Udacity Machine Learning Validation mini-project

Prep stuff:



In [1]:

    
import pickle
import sys
sys.path.append("../tools/")
from feature_format import featureFormat, targetFeatureSplit

data_dict = pickle.load(open("../final_project/final_project_dataset.pkl", "r") )



In [2]:

    
### first element is our labels, any added elements are predictor
### features. Keep this the same for the mini-project, but you'll
### have a different feature list when you do the final project.
features_list = ["poi", "salary"]

data = featureFormat(data_dict, features_list)
labels, features = targetFeatureSplit(data)

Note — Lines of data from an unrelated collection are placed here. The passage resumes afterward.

(* Suppose $P_{II*}\subseteq P_{II}$ is a chain (totally ordered by inclusion). Then $\mathcal C_{\Xi\text{-unc}}\neq\emptyset$ for every filter $\Xi\in P_{III*}$.
   Context: Let $n\ge1$, $L=\{1,\dots,n\}$, and for $i\in L$ let $\mathcal H_i$ be a Hilbert space with $1<\dim\mathcal H_i<\infty$; $\mathcal H_X=\bigotimes_{i\in X}\mathcal H_i$ and $\mathcal D_X$ is the set of density operators on $\mathcal H_X$. $P_I$ is the set of partitions of $L$ ordered by refinement. For $\xi\in P_I$, $\mathcal D_{\xi\text{-unc}}=\{\varrho\in\mathcal D_L:\varrho=\bigotimes_{X\in\xi}\varrho_X,\ \varrho_X\in\mathcal D_X\}$, and for $S\subseteq P_I$, $\mathcal D_{S\text{-unc}}=\bigcup_{\xi\in S}\mathcal D_{\xi\text{-unc}}$. $P_{II}$ is the set of nonempty down-sets of $P_I$, ordered by inclusion; $P_{II*}$ is a nonempty subset of $P_{II}$ and $P_{III*}$ is the set of nonempty up-sets of $P_{II*}$. For $\Xi\in P_{III*}$: $\overline\Xi=P_{II*}\setminus\Xi$ and $\mathcal C_{\Xi\text{-unc}}=\bigcap_{\boldsymbol\xi'\in\overline\Xi}(\mathcal D_L\setminus\mathcal D_{\boldsymbol\xi'\text{-unc}})\cap\bigcap_{\boldsymbol\xi\in\Xi}\mathcal D_{\boldsymbol\xi\text{-unc}}$. *)

From HB Require Import structures.
From mathcomp Require Import all_boot all_order all_algebra.
Set Implicit Arguments. Unset Strict Implicit. Unset Printing Implicit Defensive.
Import Order.TTheory GRing.Theory Num.Theory.
Local Open Scope ring_scope.

(* The computational basis of H_X = (x)_{i in X} H_i is indexed by
   dependent functions assigning to each i in X a basis label in 'I_(d i). *)
Definition site (n : nat) (X : {set 'I_n}) := {i : 'I_n | i \in X}.

Definition basisX (n : nat) (d : 'I_n -> nat) (X : {set 'I_n}) :=
  {dffun forall j : site X, 'I_(d (val j))}.

Definition basisL (n : nat) (d : 'I_n -> nat) :=
  {dffun forall i : 'I_n, 'I_(d i)}.

Definition restr (n : nat) (d : 'I_n -> nat) (X : {set 'I_n}) (a : basisL d)
  : basisX d X := [ffun j : site X => a (val j)].

(* A linear operator on a finite-dim Hilbert space with ON basis T,
   given by its matrix r a b = <a| r |b>.  Density operator: self-adjoint,
   positive semidefinite, trace one. *)
Definition density (C : numClosedFieldType) (T : finType) (r : T -> T -> C) : Prop :=
  (forall a b, r b a = (r a b)^*) /\
  (forall v : T -> C, 0 <= \sum_(a : T) \sum_(b : T) (v a)^* * r a b * v b) /\
  \sum_(a : T) r a a = 1.

Definition is_partition (n : nat) (xi : {set {set 'I_n}}) : bool :=
  partition xi [set: 'I_n].

Definition refines (n : nat) (ups xi : {set {set 'I_n}}) : bool :=
  [forall Y in ups, [exists X in xi, Y \subset X]].

(* D_{xi-unc}: states of the form (x)_{X in xi} rho_X with rho_X in D_X *)
Definition unc (C : numClosedFieldType) (n : nat) (d : 'I_n -> nat)
  (xi : {set {set 'I_n}}) (rho : basisL d -> basisL d -> C) : Prop :=
  density rho /\
  exists rhoX : forall X : {set 'I_n}, basisX d X -> basisX d X -> C,
    (forall X, X \in xi -> density (rhoX X)) /\
    (forall a b, rho a b = \prod_(X in xi) rhoX X (restr X a) (restr X b)).

Definition uncS (C : numClosedFieldType) (n : nat) (d : 'I_n -> nat)
  (S : {set {set {set 'I_n}}}) (rho : basisL d -> basisL d -> C) : Prop :=
  exists2 xi, xi \in S & unc xi rho.

Definition in_PII (n : nat) (S : {set {set {set 'I_n}}}) : Prop :=
  (forall xi, xi \in S -> is_partition xi) /\
  S != set0 /\
  (forall xi ups, xi \in S -> is_partition ups -> refines ups xi -> ups \in S).

Definition C_unc (C : numClosedFieldType) (n : nat) (d : 'I_n -> nat)
  (PIIs Xi : {set {set {set {set 'I_n}}}}) (rho : basisL d -> basisL d -> C) : Prop :=
  density rho /\
  (forall S', S' \in PIIs :\: Xi -> ~ uncS S' rho) /\
  (forall S, S \in Xi -> uncS S rho).

From HB Require Import structures.
From mathcomp Require Import all_boot all_order all_algebra.
Import Order.TTheory GRing.Theory Num.Theory.
Local Open Scope ring_scope.
Set Implicit Arguments. Unset Strict Implicit.

(* Because P_II* is a chain, a single partition xi separates the filter Xi
   from the rest of P_II*: xi lies in the least member of Xi and in no member
   outside Xi.  Take the state which is, on every block of xi, the classical
   mixture (|0..0><0..0| + |1..1><1..1|)/2; it is xi-uncorrelated, hence in
   D_{S-unc} for every S in Xi.  If xi does not refine upsilon, some block Y
   of upsilon splits a block X of xi.  For an upsilon-product state,
   exchanging the labels on Y between the all-0 string and the string that is
   1 exactly on X preserves the product of the two diagonal entries, whereas
   for our state it turns a nonzero product into zero.  So our state is
   upsilon-uncorrelated only for upsilon coarser than xi, and as members of
   P_II are down-sets, no member outside Xi contains such an upsilon. *)

Lemma sumr_indicator1 (C : numClosedFieldType) (T : finType) (b : T) :
  \sum_(a : T) (a == b)%:R = 1 :> C.
Proof. by rewrite (bigD1 b) //= eqxx big1 ?addr0 // => a /negbTE ->. Qed.

Lemma diag_density (C : numClosedFieldType) (T : finType) (p : T -> C) :
  (forall a, 0 <= p a) -> \sum_a p a = 1 ->
  density (fun a b => (a == b)%:R * p a).
Proof.
move=> p_ge0 p_sum1; split; [|split].
- move=> a b; have [->|nab] := eqVneq a b; first by rewrite mul1r geC0_conj.
  by rewrite !mul0r conjC0.
- move=> v; apply: sumr_ge0 => a _.
  rewrite (bigD1 a) //= big1 ?addr0 => [|b nba]; last first.
    by rewrite eq_sym (negbTE nba) mul0r mulr0 mul0r.
  by rewrite eqxx mul1r mulrAC mulr_ge0 // mulrC mul_conjC_ge0.
- by under eq_bigr => a _ do rewrite eqxx mul1r.
Qed.

Lemma subset_of_chain_card (T : finType) (S U : {set T}) :
  S \subset U \/ U \subset S -> (#|S| <= #|U|)%N -> S \subset U.
Proof. by case=> // sUS leSU; have /eqP -> : U == S by rewrite eqEcard sUS. Qed.

Lemma chain_upset_separated (T : finType) (F Xi : {set {set T}}) :
  (forall S U, S \in F -> U \in F -> S \subset U \/ U \subset S) ->
  (forall S, S \in F -> S != set0) ->
  Xi \subset F -> Xi != set0 ->
  (forall S U, S \in Xi -> U \in F -> S \subset U -> U \in Xi) ->
  exists x, (forall S, S \in Xi -> x \in S) /\
            (forall S, S \in F :\: Xi -> x \notin S).
Proof.
move=> chainF F_neq0 /subsetP sXiF /set0Pn[S Xi_S] Xi_up.
have [S0 Xi_S0 S0_min] := @arg_minnP _ S (mem Xi) (fun S => #|S|) Xi_S.
have F_S0 := sXiF _ Xi_S0.
have S0_least U : U \in Xi -> S0 \subset U.
  move=> Xi_U; apply: subset_of_chain_card (S0_min U Xi_U).
  exact: chainF (sXiF _ Xi_U).
have [out0|/set0Pn[S1' out_S1']] := eqVneq (F :\: Xi) set0.
  have /set0Pn[x S0x] := F_neq0 _ F_S0.
  exists x; split=> [U /S0_least/subsetP|U]; first exact.
  by rewrite out0 inE.
have [S1 out_S1 S1_max] :=
  @arg_maxnP _ S1' (mem (F :\: Xi)) (fun S => #|S|) out_S1'.
have outP U : U \in F :\: Xi -> U \notin Xi /\ U \in F.
  by rewrite inE => /andP[].
have [S1_Xi F_S1] := outP _ out_S1.
have S1_greatest U : U \in F :\: Xi -> U \subset S1.
  move=> /[dup] /S1_max le_S1 /outP[_ F_U].
  exact: subset_of_chain_card (chainF _ _ F_U F_S1) le_S1.
have sS1S0 : S1 \subset S0.
  have [//|sS0S1] := chainF _ _ F_S1 F_S0.
  by rewrite (Xi_up _ _ Xi_S0 F_S1 sS0S1) in S1_Xi.
have /subsetPn[x S0x S1'x] : ~~ (S0 \subset S1).
  apply: contraNN S1_Xi => sS0S1.
  by have /eqP <- : S0 == S1 by rewrite eqEsubset sS0S1.
exists x; split=> [U /S0_least/subsetP|U /S1_greatest/subsetP sUS1]; first exact.
by apply: contra S1'x; apply: sUS1.
Qed.

Section Labels.
Variables (n : nat) (d : 'I_n -> nat).

Definition swap_on (Y : {set 'I_n}) (a b : basisL d) : basisL d :=
  [ffun i => if i \in Y then a i else b i].

Lemma restr_swap_on_sub (Y Z : {set 'I_n}) (a b : basisL d) :
  Z \subset Y -> restr Z (swap_on Y a b) = restr Z a.
Proof. by move=> /subsetP sZY; apply/ffunP => j; rewrite !ffunE sZY ?(valP j). Qed.

Lemma restr_swap_on_disjoint (Y Z : {set 'I_n}) (a b : basisL d) :
  [disjoint Z & Y] -> restr Z (swap_on Y a b) = restr Z b.
Proof.
by move=> dis_ZY; apply/ffunP => j; rewrite !ffunE (disjointFr dis_ZY) ?(valP j).
Qed.

Lemma unc_swap_on (C : numClosedFieldType) ups (rho : basisL d -> basisL d -> C)
    (Y : {set 'I_n}) (a b : basisL d) :
  is_partition ups -> unc ups rho -> Y \in ups ->
  rho (swap_on Y a b) (swap_on Y a b) * rho (swap_on Y b a) (swap_on Y b a) =
  rho a a * rho b b.
Proof.
case/and3P=> _ triv_ups _ [_ [sigma [_ rhoE]]] ups_Y.
rewrite !rhoE -!big_split; apply: eq_bigr => Z ups_Z /=.
have [->|neq_ZY] := eqVneq Z Y; first by rewrite !restr_swap_on_sub.
have dis_ZY := trivIsetP triv_ups Z Y ups_Z ups_Y neq_ZY.
by rewrite !restr_swap_on_disjoint // mulrC.
Qed.

Section Partition.
Variable xi : {set {set 'I_n}}.
Hypothesis xi_part : is_partition xi.

Lemma restr_partition_inj (a b : basisL d) :
  (forall X, X \in xi -> restr X a = restr X b) -> a = b.
Proof.
have /and3P[/eqP cov_xi _ _] := xi_part.
move=> eq_ab; apply/ffunP => i.
have xi_i : i \in cover xi by rewrite cov_xi inE.
have blk_i : i \in pblock xi i by rewrite mem_pblock.
have /ffunP/(_ (exist _ i blk_i)) := eq_ab _ (pblock_mem xi_i).
by rewrite !ffunE.
Qed.

Lemma prod_restr_eq (C : numClosedFieldType) (a b : basisL d) :
  \prod_(X in xi) ((restr X a == restr X b)%:R : C) = (a == b)%:R.
Proof.
have [->|neq_ab] := eqVneq a b; first by apply: big1 => X _; rewrite eqxx.
have [X xi_X neq_X] : exists2 X, X \in xi & restr X a != restr X b.
  apply/exists_inP; apply: contraR neq_ab => /exists_inPn eq_X.
  by apply/eqP/restr_partition_inj => X /eq_X/negPn/eqP.
by rewrite (bigD1 X) //= (negbTE neq_X) mul0r.
Qed.

End Partition.
End Labels.

Section CorrelatedState.
Variables (C : numClosedFieldType) (n : nat) (d : 'I_n -> nat).
Hypothesis d_gt1 : forall i, (1 < d i)%N.

Definition bit_label (t : bool) (i : 'I_n) : 'I_(d i) :=
  if t then Ordinal (d_gt1 i) else Ordinal (ltnW (d_gt1 i)).

Lemma bit_label_inj i : injective (bit_label^~ i).
Proof. by case; case=> // /(congr1 val). Qed.

Definition const_label (X : {set 'I_n}) (t : bool) : basisX d X :=
  [ffun j : site X => bit_label t (val j)].

Definition block_label (xi : {set {set 'I_n}}) (f : {set 'I_n} -> bool)
  : basisL d :=
  [ffun i => bit_label (f (pblock xi i)) i].

Lemma restr_block_label xi f X : trivIset xi -> X \in xi ->
  restr X (block_label xi f) = const_label X (f X).
Proof.
move=> triv_xi xi_X; apply/ffunP => j.
by rewrite !ffunE (def_pblock triv_xi xi_X (valP j)).
Qed.

Lemma restr_const_label_at (a : basisL d) (X : {set 'I_n}) t i : i \in X ->
  restr X a = const_label X t -> a i = bit_label t i.
Proof. by move=> X_i /ffunP/(_ (exist _ i X_i)); rewrite !ffunE. Qed.

Definition corr_weight (X : {set 'I_n}) (c : basisX d X) : C :=
  2^-1 * \sum_(t : bool) (c == const_label X t)%:R.

Lemma corr_weight_ge0 X (c : basisX d X) : 0 <= corr_weight c.
Proof. by rewrite mulr_ge0 ?invr_ge0 ?ler0n ?sumr_ge0. Qed.

Lemma corr_weight_sum X : \sum_(c : basisX d X) corr_weight c = 1.
Proof.
rewrite -mulr_sumr exchange_big /=.
under eq_bigr do rewrite sumr_indicator1.
by rewrite sumr_const card_bool mulVf ?pnatr_eq0.
Qed.

Lemma corr_weight_const_neq0 X t : corr_weight (const_label X t) != 0.
Proof.
rewrite mulf_neq0 ?invr_eq0 ?pnatr_eq0 // big_bool /= -natrD pnatr_eq0.
by case: t; rewrite eqxx ?addn_eq0 ?andbF.
Qed.

Lemma corr_weight_nonconst X (c : basisX d X) :
  (forall t, c != const_label X t) -> corr_weight c = 0.
Proof.
move=> c_nonconst; rewrite /corr_weight big1 ?mulr0 // => t _.
by rewrite (negbTE (c_nonconst t)).
Qed.

Definition corr_state (xi : {set {set 'I_n}}) (a b : basisL d) : C :=
  (a == b)%:R * \prod_(X in xi) corr_weight (restr X a).

Section Partition.
Variable xi : {set {set 'I_n}}.
Hypothesis xi_part : is_partition xi.

Lemma corr_state_trace : \sum_a \prod_(X in xi) corr_weight (restr X a) = 1.
Proof.
have triv_xi : trivIset xi by case/and3P: xi_part.
have prodE a : \prod_(X in xi) corr_weight (restr X a) =
    2^-1 ^+ #|xi| *
    \sum_(f in pffun_on false (mem xi) predT) (a == block_label xi f)%:R.
  rewrite big_split /= prodr_const (big_distr_big false); congr (_ * _).
  apply: eq_bigr => f _; rewrite -(prod_restr_eq xi_part C).
  by apply: eq_bigr => X xi_X; rewrite restr_block_label.
under eq_bigr do rewrite prodE.
rewrite -mulr_sumr exchange_big /=.
under eq_bigr do rewrite sumr_indicator1.
rewrite sumr_const card_pffun_on card_bool natrX -exprMn.
by rewrite mulVf ?expr1n ?pnatr_eq0.
Qed.

Lemma corr_state_density : density (corr_state xi).
Proof.
apply: diag_density; last exact: corr_state_trace.
by move=> a; apply: prodr_ge0 => X _; apply: corr_weight_ge0.
Qed.

Lemma corr_state_unc : unc xi (corr_state xi).
Proof.
split; first exact: corr_state_density.
exists (fun X c c' => (c == c')%:R * corr_weight c); split.
  move=> X _; apply: diag_density; [exact: corr_weight_ge0 | exact: corr_weight_sum].
by move=> a b; rewrite big_split /= prod_restr_eq.
Qed.

Lemma corr_state_block_label_neq0 f :
  corr_state xi (block_label xi f) (block_label xi f) != 0.
Proof.
have triv_xi : trivIset xi by case/and3P: xi_part.
rewrite /corr_state eqxx mul1r; apply/prodf_neq0 => X xi_X.
by rewrite restr_block_label ?corr_weight_const_neq0.
Qed.

Lemma corr_state_nonconst X i j (a : basisL d) :
  X \in xi -> i \in X -> j \in X ->
  a i = bit_label true i -> a j = bit_label false j -> corr_state xi a a = 0.
Proof.
move=> xi_X X_i X_j a_i a_j.
rewrite /corr_state (bigD1 X) //= corr_weight_nonconst ?mul0r ?mulr0 //.
move=> t; apply/eqP => restr_a.
move: (restr_const_label_at X_i restr_a) (restr_const_label_at X_j restr_a).
by rewrite a_i a_j => /bit_label_inj <- /bit_label_inj.
Qed.

Lemma unc_corr_state_refines ups :
  is_partition ups -> unc ups (corr_state xi) -> refines xi ups.
Proof.
move=> ups_part unc_ups; apply/forall_inP => X xi_X.
apply: contraT => /exists_inPn X_split.
have /and3P[_ triv_xi set0_xi] := xi_part.
have /and3P[/eqP cov_ups _ _] := ups_part.
have /set0Pn[i X_i] : X != set0 by apply: contraNneq set0_xi => <-.
have cov_i : i \in cover ups by rewrite cov_ups inE.
have ups_Y := pblock_mem cov_i; set Y := pblock ups i in ups_Y.
have Y_i : i \in Y by rewrite mem_pblock.
have /subsetPn[j X_j Y'j] := X_split Y ups_Y.
set u := block_label xi (fun Z => Z == X); set z := block_label xi (fun=> false).
have uz_neq0 := mulf_neq0 (corr_state_block_label_neq0 (fun Z => Z == X))
                          (corr_state_block_label_neq0 (fun=> false)).
have := unc_swap_on u z ups_part unc_ups ups_Y.
rewrite (@corr_state_nonconst X i j) ?mul0r //.
- by move/esym/eqP; rewrite (negbTE uz_neq0).
- by rewrite !ffunE Y_i (def_pblock triv_xi xi_X X_i) eqxx.
- by rewrite !ffunE (negbTE Y'j).
Qed.

End Partition.
End CorrelatedState.

Unset Implicit Arguments. Set Strict Implicit.
Theorem proposition5 (C : numClosedFieldType) (n : nat) (d : 'I_n -> nat)
  (hn : (1 <= n)%N) (hd : forall i, (1 < d i)%N)
  (PIIs : {set {set {set {set 'I_n}}}})
  (hPII : forall S, S \in PIIs -> in_PII S)
  (hne : PIIs != set0)
  (hchain : forall S T, S \in PIIs -> T \in PIIs -> S \subset T \/ T \subset S)
  (Xi : {set {set {set {set 'I_n}}}})
  (hXisub : Xi \subset PIIs) (hXine : Xi != set0)
  (hXiup : forall S T, S \in Xi -> T \in PIIs -> S \subset T -> T \in Xi) :
  exists rho : basisL d -> basisL d -> C, C_unc PIIs Xi rho.
Proof.
have PIIs_neq0 S : S \in PIIs -> S != set0 by case/hPII=> _ [].
have [xi [xi_Xi xi_out]] :=
  chain_upset_separated hchain PIIs_neq0 hXisub hXine hXiup.
have /set0Pn[S Xi_S] := hXine.
have xi_part : is_partition xi.
  by have [S_part _] := hPII S (subsetP hXisub S Xi_S); apply/S_part/xi_Xi.
exists (corr_state C hd xi); split; [exact: corr_state_density | split].
- move=> S' out_S' [ups S'_ups unc_ups].
  have [S'_part [_ S'_down]] := hPII S' (subsetP (subsetDl _ _) S' out_S').
  have ups_part := S'_part ups S'_ups.
  have refines_xi := unc_corr_state_refines xi_part ups_part unc_ups.
  by move: (xi_out S' out_S'); rewrite (S'_down ups xi S'_ups xi_part refines_xi).
- by move=> S0 Xi_S0; exists xi; [apply: xi_Xi | apply: corr_state_unc].
Qed.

Training a decision tree on this starter data:



In [3]:

    
from sklearn.tree import DecisionTreeClassifier

Doing things the wrong way:



In [4]:

    
clf = DecisionTreeClassifier()
clf.fit(features,labels)
clf.score(features,labels)









    Out[4]:





0.98947368421052628

Less wrong:



In [5]:

    
from sklearn.cross_validation import train_test_split



In [6]:

    
features_train, features_test, labels_train, labels_test = train_test_split(features,labels,test_size=0.3,random_state=42)



In [7]:

    
clf = DecisionTreeClassifier()
clf.fit(features_train,labels_train)
clf.score(features_test,labels_test)









    Out[7]:





0.72413793103448276